• Oxidative stress-induced autophagy compromises stem cell viability.

      Prakash, Ravi; Fauzia, Eram; Siddiqui, Abu Junaid; Yadav, Santosh Kumar; Kumari, Neha; Shams, Mohammad Tayyab; Naeem, Abdul; Praharaj, Prakash P; Khan, Mohsin Ali; Bhutia, Sujit Kumar; et al. (Oxford University Press, 2022-03-16)

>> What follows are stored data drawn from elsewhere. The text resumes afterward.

(* Let $N$ be a natural number, $P=\{a\subseteq N: |a|\geq 2\}$, and let $\|\cdot\|_3$ be the graph coloring norm on subsets of $P$ (defined in the context). Let $k\geq 1$ and let $A\subseteq P$ satisfy $\|A\|_3=k$. Then $|A|\geq\binom{2^{k-1}+1}{2}$.
   Context: $N=\{0,\ldots,N-1\}$. For $A\subseteq P$ and $z\subseteq N$ let $A\restriction z=\{a\in A: a\subseteq z\}$. The relation ''$\|A\|_3\geq m$'' is defined recursively: $\|A\|_3\geq 0$ always; $\|A\|_3\geq 1$ iff $A\neq\emptyset$; for $m\geq 1$, $\|A\|_3\geq m+1$ iff for every $z\subseteq N$ either $\|A\restriction z\|_3\geq m$ or $\|A\restriction(N\setminus z)\|_3\geq m$. Then $\|A\|_3$ is the largest $m$ with $\|A\|_3\geq m$. *)

From mathcomp Require Import all_boot.
Set Implicit Arguments. Unset Strict Implicit. Unset Printing Implicit Defensive.

Definition Ppairs (N : nat) : {set {set 'I_N}} := [set a : {set 'I_N} | 2 <= #|a|].

Definition restr (N : nat) (A : {set {set 'I_N}}) (z : {set 'I_N}) : {set {set 'I_N}} :=
  [set a in A | a \subset z].

(* norm3_ge m A  <=>  ||A||_3 >= m  (recursive definition from the paper) *)
Fixpoint norm3_ge (N : nat) (m : nat) (A : {set {set 'I_N}}) : bool :=
  match m with
  | 0 => true
  | 1 => A != set0
  | m'.+1 => [forall z : {set 'I_N}, norm3_ge m' (restr A z) || norm3_ge m' (restr A (~: z))]
  end.

Definition norm3_eq (N : nat) (A : {set {set 'I_N}}) (k : nat) : Prop :=
  norm3_ge k A /\ forall m, norm3_ge m A -> m <= k.

From mathcomp Require Import all_boot.
From mathcomp Require Import zify.
From Stdlib Require Import Classical Wf_nat.
Set Implicit Arguments. Unset Strict Implicit. Unset Printing Implicit Defensive.

(* Read A as a hypergraph on N and colour its vertices so that no edge is
   monochromatic.  Given such a colouring with 2^m colours, cutting N into the
   lower and the upper half of the colours and recolouring each half with
   2^(m-1) colours shows by induction that ||A||_3 <= m; hence ||A||_3 >= k
   forces the chromatic number c of A above 2^(k-1).  Conversely, if c colours are needed,
   then merging any two colours i < j must create a monochromatic edge, so some
   edge of A is coloured exactly {i, j}; these edges are pairwise distinct,
   whence |A| >= C(c, 2). *)

Section Colorings.

Variable N : nat.
Implicit Types (A : {set {set 'I_N}}) (f g : 'I_N -> nat).

Definition proper_coloring A f :=
  forall a, a \in A -> exists x y, [/\ x \in a, y \in a & f x != f y].

Definition colors_below f c := forall x, f x < c.

Definition colorable A c := exists2 f, colors_below f c & proper_coloring A f.

Lemma colorable_leq A c d : c <= d -> colorable A c -> colorable A d.
Proof. by move=> le_cd [f fc fA]; exists f => // x; apply: leq_trans (fc x) le_cd. Qed.

Lemma proper_coloring_restr A (z : {set 'I_N}) f g :
  proper_coloring A f -> {in z &, forall x y, g x = g y -> f x = f y} ->
  proper_coloring (restr A z) g.
Proof.
move=> fA inj_g a; rewrite inE => /andP [/fA [x [y [xa ya fxy]]] sub_az].
have [xz yz] := (subsetP sub_az x xa, subsetP sub_az y ya).
by exists x, y; split => //; apply: contra_neq fxy; apply: inj_g.
Qed.

Lemma colorable_norm3_lt m A : colorable A (2 ^ m) -> ~~ norm3_ge m.+1 A.
Proof.
elim: m A => [|m IHm] A [f fc fA].
  rewrite /= negbK; apply/eqP/setP => a; rewrite in_set0.
  apply/negP => /fA [x [y [_ _]]].
  by have := fc x; have := fc y; rewrite expn0; lia.
pose low := [set x | f x < 2 ^ m].
pose g x := f x %% 2 ^ m.
have gc : colors_below g (2 ^ m) by move=> x; rewrite ltn_pmod ?expn_gt0.
have fc' x : f x < 2 * 2 ^ m by rewrite -expnS fc.
apply/forallPn; exists low; rewrite negb_or; apply/andP; split.
  apply: IHm; exists g => //; apply: proper_coloring_restr fA _ => x y.
  by rewrite !inE /g => fx fy; rewrite !modn_small.
apply: IHm; exists g => //; apply: proper_coloring_restr fA _ => x y.
rewrite !inE -!leqNgt /g => fx fy.
have upper w : 2 ^ m <= f w -> f w %% 2 ^ m = f w - 2 ^ m.
  by move=> fw; rewrite -{1}(subnK fw) modnDr modn_small //; have := fc' w; lia.
by rewrite !upper //; lia.
Qed.

Section MergeColors.

Variables (i j : nat) (f : 'I_N -> nat).
Hypothesis lt_ij : i < j.

Definition merge_colors x :=
  if f x == j then i else if j < f x then (f x).-1 else f x.

Lemma merge_colors_below c : j < c -> colors_below f c -> colors_below merge_colors c.-1.
Proof.
move=> jc fc x; have := fc x; rewrite /merge_colors.
by case: (f x =P j); case: (ltnP j (f x)); lia.
Qed.

Lemma merge_colors_eq x y :
  (merge_colors x == merge_colors y) =
  (f x == f y) || ((f x \in [:: i; j]) && (f y \in [:: i; j])).
Proof.
rewrite !inE /merge_colors.
by case: (f x =P j); case: (f y =P j); case: (ltnP j (f x)); case: (ltnP j (f y)); lia.
Qed.

Lemma merge_colors_proper A :
  proper_coloring A f ->
  (forall a, a \in A -> exists2 w, w \in a & f w \notin [:: i; j]) ->
  proper_coloring A merge_colors.
Proof.
move=> fA outside a aA; have [x [y [xa ya fxy]]] := fA _ aA.
have [mxy|] := eqVneq (merge_colors x) (merge_colors y); last by exists x, y.
move: mxy => /eqP; rewrite merge_colors_eq (negbTE fxy) /= => /andP [fx _].
have [w wa fw] := outside a aA; exists w, x; split => //.
by rewrite merge_colors_eq (negbTE fw) /= orbF; apply: contraNneq fw => ->.
Qed.

End MergeColors.

Lemma bin2_leq_card_pair_images (aT T : finType) (h : aT -> {set T}) (A : {set aT}) :
  (forall x y : T, x != y -> [set x; y] \in h @: A) -> 'C(#|T|, 2) <= #|A|.
Proof.
move=> pairs; rewrite -card_draws; apply: leq_trans (leq_imset_card h A).
apply/subset_leq_card/subsetP => s; rewrite inE => /cards2P [x [y [xy ->]]].
exact: pairs.
Qed.

Section MinimalColoring.

Variables (A : {set {set 'I_N}}) (c : nat) (f : 'I_N -> nat).
Hypotheses (fc : colors_below f c) (fA : proper_coloring A f)
           (not_fewer : ~ colorable A c.-1).

Let color x : 'I_c := Ordinal (fc x).

Lemma min_coloring_pair_edge (i j : 'I_c) :
  i < j -> [set i; j] \in [set color @: a | a : {set 'I_N} in A].
Proof.
move=> lt_ij; apply/imsetP.
have : [exists a in A, [forall w in a, f w \in [:: val i; val j]]].
  apply: contraT => /exists_inPn no_edge.
  case: not_fewer; exists (merge_colors i j f); first exact: merge_colors_below.
  apply: merge_colors_proper => // a aA.
  by move/forall_inPn: (no_edge a aA) => [w wa fw]; exists w.
case/exists_inP => a aA /forall_inP in_ij.
exists a => //; have [x [y [xa ya fxy]]] := fA aA.
have sub_ij : color @: a \subset [set i; j].
  apply/subsetP => _ /imsetP [w wa ->].
  by have := in_ij w wa; rewrite !inE -!val_eqE.
apply/eqP; rewrite eq_sym eqEcard sub_ij cards2 -val_eqE (ltn_eqF lt_ij) /=.
apply: leq_trans (subset_leq_card (_ : [set color x; color y] \subset _)).
  by rewrite cards2 -val_eqE /= fxy.
by apply/subsetP => w; rewrite !inE => /orP [] /eqP ->; apply: imset_f.
Qed.

Lemma min_coloring_bin2_leq_card : 'C(c, 2) <= #|A|.
Proof.
rewrite -[c in 'C(c, _)]card_ord.
apply: bin2_leq_card_pair_images => x y; rewrite neq_ltn => /orP [] lt_xy.
  exact: min_coloring_pair_edge.
by rewrite setUC; apply: min_coloring_pair_edge.
Qed.

End MinimalColoring.

Lemma Ppairs_colorable A : A \subset Ppairs N -> colorable A N.
Proof.
move=> AP; exists val => [x|a /(subsetP AP)]; first exact: ltn_ord.
rewrite inE => /card_gt1P [x [y [xa ya xy]]].
by exists x, y; split; rewrite // val_eqE.
Qed.

End Colorings.

Theorem theorem5p36 (N k : nat) (A : {set {set 'I_N}}) :
  1 <= k -> A \subset Ppairs N -> norm3_eq A k ->
  'C(2 ^ (k - 1) + 1, 2) <= #|A|.
Proof.
case: k => // m _ AP [normA _].
have [c [[[f fc fA] min_c] _]] :=
  dec_inh_nat_subset_has_unique_least_element (colorable A)
    (fun n => classic _) (ex_intro _ N (Ppairs_colorable AP)).
have lt_mc : 2 ^ m < c.
  rewrite ltnNge; apply: contraL normA => le_c.
  by apply: colorable_norm3_lt; apply: colorable_leq le_c _; exists f.
have not_fewer : ~ colorable A c.-1.
  by move=> /min_c /leP; have := leq_ltn_trans (leq0n _) lt_mc; lia.
rewrite subn1 addn1 /=.
exact: leq_trans (leq_bin2l _ lt_mc) (min_coloring_bin2_leq_card fc fA not_fewer).
Qed.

      Stem cell therapies have emerged as a promising treatment strategy for various diseases characterized by ischemic injury such as ischemic stroke. Cell survival after transplantation remains a critical issue. We investigated the impact of oxidative stress, being typically present in ischemically challenged tissue, on human dental pulp (hDPSC) and mesenchymal stem cell (hMSC). We used oxygen-glucose deprivation (OGD) to induce oxidative stress in hDPSC and hMSC. OGD-induced generation of O2 •- or H2O2 enhanced autophagy by inducing the expression of Activating Molecule in BECN1-Regulated Autophagy Protein 1 (Ambra1) and Beclin1 in both cell types. However, hDPSC and hMSC pre-conditioning using reactive oxygen species (ROS) scavengers significantly repressed the expression of Ambra1 and Beclin1 and inactivated autophagy. O2 •- or H2O2 acted upstream of autophagy, and the mechanism was unidirectional. Further, our findings revealed ROS-p38-Erk1/2 involvement. Pre-treatment with selective inhibitors of p38 and Erk1/2 pathways (SB202190 and PD98059) reversed OGD effects on the expression of Ambra1 and Beclin1, suggesting that these pathways induced oxidative stress-mediated autophagy. SIRT3 depletion was found to be associated with increased oxidative stress and activation of p38 and Erk1/2 MAPKs pathways. Global ROS inhibition by NAC or a combination of polyethylene glycol-superoxide dismutase (PEG-SOD) and polyethylene glycol-catalase (PEG-catalase) further confirmed that O2 •- or H2O2 or a combination of both impacts stems cell viability by inducing autophagy. Further, autophagy inhibition by 3-Methyladenine (3-MA) significantly improved hDPSC viability. These findings contribute to a better understanding of post-transplantation hDPSC and hMSC death and may inform strategies to minimize therapeutic cell loss under oxidative stress.